## Aim of the exercise
Please work out how many lines in the material below contain the string "smallsetminus", and answer with that number only.

··· Available data ···

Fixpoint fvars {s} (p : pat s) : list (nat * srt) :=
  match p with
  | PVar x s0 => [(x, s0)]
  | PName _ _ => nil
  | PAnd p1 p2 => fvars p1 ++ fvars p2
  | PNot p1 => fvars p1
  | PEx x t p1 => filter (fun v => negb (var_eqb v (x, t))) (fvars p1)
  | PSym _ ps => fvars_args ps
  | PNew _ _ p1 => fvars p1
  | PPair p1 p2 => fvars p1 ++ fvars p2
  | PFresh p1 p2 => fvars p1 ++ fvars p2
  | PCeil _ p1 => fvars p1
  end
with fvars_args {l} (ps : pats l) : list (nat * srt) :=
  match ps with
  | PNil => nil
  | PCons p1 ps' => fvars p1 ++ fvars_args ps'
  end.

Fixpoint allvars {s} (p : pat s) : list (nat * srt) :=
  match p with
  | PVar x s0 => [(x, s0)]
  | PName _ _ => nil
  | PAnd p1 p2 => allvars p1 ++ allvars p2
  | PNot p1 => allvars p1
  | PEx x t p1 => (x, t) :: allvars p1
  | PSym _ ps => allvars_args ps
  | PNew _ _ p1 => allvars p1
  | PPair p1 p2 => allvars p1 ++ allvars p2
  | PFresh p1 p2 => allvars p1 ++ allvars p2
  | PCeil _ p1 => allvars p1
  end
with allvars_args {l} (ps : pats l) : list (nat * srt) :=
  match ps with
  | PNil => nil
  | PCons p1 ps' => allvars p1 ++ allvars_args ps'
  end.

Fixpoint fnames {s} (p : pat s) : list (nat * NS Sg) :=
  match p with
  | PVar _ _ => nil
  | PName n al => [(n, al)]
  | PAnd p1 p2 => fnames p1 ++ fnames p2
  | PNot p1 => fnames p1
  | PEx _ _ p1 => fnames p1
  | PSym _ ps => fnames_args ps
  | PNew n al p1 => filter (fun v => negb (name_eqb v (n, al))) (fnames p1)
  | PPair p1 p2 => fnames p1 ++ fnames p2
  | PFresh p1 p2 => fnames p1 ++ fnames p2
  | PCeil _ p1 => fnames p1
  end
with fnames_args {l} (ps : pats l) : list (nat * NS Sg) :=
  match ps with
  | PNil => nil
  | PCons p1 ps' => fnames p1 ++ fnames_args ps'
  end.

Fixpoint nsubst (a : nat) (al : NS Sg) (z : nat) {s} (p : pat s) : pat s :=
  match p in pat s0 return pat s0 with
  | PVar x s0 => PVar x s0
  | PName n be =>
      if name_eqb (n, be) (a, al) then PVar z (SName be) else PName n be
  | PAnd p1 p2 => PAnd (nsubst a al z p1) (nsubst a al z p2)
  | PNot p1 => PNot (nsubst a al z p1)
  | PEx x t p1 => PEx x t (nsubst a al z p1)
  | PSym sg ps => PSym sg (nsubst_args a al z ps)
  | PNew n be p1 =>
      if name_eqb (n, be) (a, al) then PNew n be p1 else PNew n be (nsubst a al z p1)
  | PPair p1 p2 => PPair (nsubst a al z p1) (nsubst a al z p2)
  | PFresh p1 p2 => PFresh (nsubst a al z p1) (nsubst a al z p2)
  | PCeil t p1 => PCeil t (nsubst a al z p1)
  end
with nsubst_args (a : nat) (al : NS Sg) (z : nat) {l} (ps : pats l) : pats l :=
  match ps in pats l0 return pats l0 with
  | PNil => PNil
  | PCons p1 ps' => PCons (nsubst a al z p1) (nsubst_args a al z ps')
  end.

···
··· Available data ···

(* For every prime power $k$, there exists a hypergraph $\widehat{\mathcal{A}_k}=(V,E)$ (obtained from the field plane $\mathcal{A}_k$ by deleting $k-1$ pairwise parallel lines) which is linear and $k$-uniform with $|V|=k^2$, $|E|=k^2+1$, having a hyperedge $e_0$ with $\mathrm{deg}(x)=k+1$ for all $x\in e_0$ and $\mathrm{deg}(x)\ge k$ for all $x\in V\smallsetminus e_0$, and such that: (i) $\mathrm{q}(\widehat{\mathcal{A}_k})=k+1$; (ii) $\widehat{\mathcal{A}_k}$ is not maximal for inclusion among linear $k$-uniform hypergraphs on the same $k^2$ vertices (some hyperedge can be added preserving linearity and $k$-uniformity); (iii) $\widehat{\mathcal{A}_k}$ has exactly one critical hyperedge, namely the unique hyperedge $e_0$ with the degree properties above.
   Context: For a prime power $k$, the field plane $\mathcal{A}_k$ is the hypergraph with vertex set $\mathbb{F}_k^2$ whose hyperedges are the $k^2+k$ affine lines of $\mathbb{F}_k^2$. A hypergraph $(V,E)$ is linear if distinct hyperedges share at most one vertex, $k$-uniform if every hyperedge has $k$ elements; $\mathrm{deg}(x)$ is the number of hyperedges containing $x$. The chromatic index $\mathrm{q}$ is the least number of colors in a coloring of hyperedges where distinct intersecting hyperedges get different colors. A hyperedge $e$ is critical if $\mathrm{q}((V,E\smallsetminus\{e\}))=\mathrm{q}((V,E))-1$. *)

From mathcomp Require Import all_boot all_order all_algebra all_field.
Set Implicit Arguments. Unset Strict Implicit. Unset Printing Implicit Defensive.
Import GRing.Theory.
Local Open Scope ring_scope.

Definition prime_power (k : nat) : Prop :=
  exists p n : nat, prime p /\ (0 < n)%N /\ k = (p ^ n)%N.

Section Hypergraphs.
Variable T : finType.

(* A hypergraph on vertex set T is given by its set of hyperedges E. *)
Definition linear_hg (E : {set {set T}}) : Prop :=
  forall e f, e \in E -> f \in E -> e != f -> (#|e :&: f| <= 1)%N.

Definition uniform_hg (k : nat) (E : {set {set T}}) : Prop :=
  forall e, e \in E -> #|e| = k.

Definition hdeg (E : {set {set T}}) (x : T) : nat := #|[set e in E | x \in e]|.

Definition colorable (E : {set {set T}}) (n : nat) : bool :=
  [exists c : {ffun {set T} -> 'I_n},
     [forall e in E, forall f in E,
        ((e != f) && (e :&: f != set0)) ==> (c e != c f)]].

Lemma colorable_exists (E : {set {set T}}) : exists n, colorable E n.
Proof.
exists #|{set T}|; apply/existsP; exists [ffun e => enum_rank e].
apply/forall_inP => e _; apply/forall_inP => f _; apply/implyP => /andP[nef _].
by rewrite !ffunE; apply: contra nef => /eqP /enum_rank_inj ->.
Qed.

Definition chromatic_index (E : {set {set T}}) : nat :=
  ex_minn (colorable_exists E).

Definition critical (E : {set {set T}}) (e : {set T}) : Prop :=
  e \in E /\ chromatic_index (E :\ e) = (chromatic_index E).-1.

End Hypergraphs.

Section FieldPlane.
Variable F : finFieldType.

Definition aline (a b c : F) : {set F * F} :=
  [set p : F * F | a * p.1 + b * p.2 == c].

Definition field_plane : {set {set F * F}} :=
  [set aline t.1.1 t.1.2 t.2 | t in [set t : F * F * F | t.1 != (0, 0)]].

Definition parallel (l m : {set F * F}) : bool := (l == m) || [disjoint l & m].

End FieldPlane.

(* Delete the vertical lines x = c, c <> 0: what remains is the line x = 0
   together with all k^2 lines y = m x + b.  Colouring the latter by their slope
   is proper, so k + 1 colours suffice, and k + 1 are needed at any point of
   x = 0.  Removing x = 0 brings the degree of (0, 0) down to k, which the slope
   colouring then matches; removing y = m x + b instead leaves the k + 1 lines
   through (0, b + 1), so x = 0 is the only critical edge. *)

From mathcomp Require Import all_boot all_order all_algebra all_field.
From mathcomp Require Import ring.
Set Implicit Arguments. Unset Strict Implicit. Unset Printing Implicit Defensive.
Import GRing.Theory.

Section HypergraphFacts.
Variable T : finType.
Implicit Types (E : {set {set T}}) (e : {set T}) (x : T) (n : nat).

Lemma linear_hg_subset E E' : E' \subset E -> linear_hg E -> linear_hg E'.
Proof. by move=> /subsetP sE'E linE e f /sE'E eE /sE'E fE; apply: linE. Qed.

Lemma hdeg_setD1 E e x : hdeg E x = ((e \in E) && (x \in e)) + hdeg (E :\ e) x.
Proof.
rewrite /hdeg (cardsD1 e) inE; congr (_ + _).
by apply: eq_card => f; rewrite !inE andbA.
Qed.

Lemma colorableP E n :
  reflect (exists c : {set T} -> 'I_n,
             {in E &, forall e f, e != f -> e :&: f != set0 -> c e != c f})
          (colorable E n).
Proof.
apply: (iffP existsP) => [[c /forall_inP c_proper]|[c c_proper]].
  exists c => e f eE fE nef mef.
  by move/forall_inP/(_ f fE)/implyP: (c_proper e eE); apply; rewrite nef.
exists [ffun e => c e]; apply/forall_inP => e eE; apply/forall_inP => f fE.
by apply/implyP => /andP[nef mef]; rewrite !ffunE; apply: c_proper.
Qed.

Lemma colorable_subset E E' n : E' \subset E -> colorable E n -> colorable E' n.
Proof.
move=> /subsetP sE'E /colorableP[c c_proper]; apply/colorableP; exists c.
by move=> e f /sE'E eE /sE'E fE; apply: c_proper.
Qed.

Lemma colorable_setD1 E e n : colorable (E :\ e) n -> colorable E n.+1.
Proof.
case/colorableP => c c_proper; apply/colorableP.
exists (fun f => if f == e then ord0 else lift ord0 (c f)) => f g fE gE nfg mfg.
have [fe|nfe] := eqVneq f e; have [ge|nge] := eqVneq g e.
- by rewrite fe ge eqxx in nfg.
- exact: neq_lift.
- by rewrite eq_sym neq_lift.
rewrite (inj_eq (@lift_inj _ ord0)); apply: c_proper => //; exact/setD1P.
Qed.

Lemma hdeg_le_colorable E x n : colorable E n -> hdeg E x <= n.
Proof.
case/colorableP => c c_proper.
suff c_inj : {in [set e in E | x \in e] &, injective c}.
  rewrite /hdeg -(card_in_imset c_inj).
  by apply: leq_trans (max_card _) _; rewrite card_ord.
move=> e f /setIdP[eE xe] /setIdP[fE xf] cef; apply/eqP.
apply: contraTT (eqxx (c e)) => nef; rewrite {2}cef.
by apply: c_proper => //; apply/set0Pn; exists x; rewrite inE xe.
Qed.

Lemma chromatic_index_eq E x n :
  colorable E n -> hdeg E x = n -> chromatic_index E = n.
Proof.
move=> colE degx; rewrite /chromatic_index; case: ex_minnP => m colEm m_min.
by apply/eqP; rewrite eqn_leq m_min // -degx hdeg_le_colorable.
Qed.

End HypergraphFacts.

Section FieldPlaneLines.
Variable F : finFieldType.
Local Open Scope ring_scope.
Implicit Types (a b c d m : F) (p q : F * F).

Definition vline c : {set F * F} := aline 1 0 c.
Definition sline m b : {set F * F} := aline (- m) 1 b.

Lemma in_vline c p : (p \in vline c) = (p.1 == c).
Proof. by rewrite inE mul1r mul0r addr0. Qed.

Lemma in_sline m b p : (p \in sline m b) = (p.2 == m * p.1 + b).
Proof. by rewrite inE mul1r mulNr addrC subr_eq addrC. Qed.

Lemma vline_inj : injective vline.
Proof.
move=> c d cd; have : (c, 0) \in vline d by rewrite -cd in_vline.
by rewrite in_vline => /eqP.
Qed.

···

## Your solution
2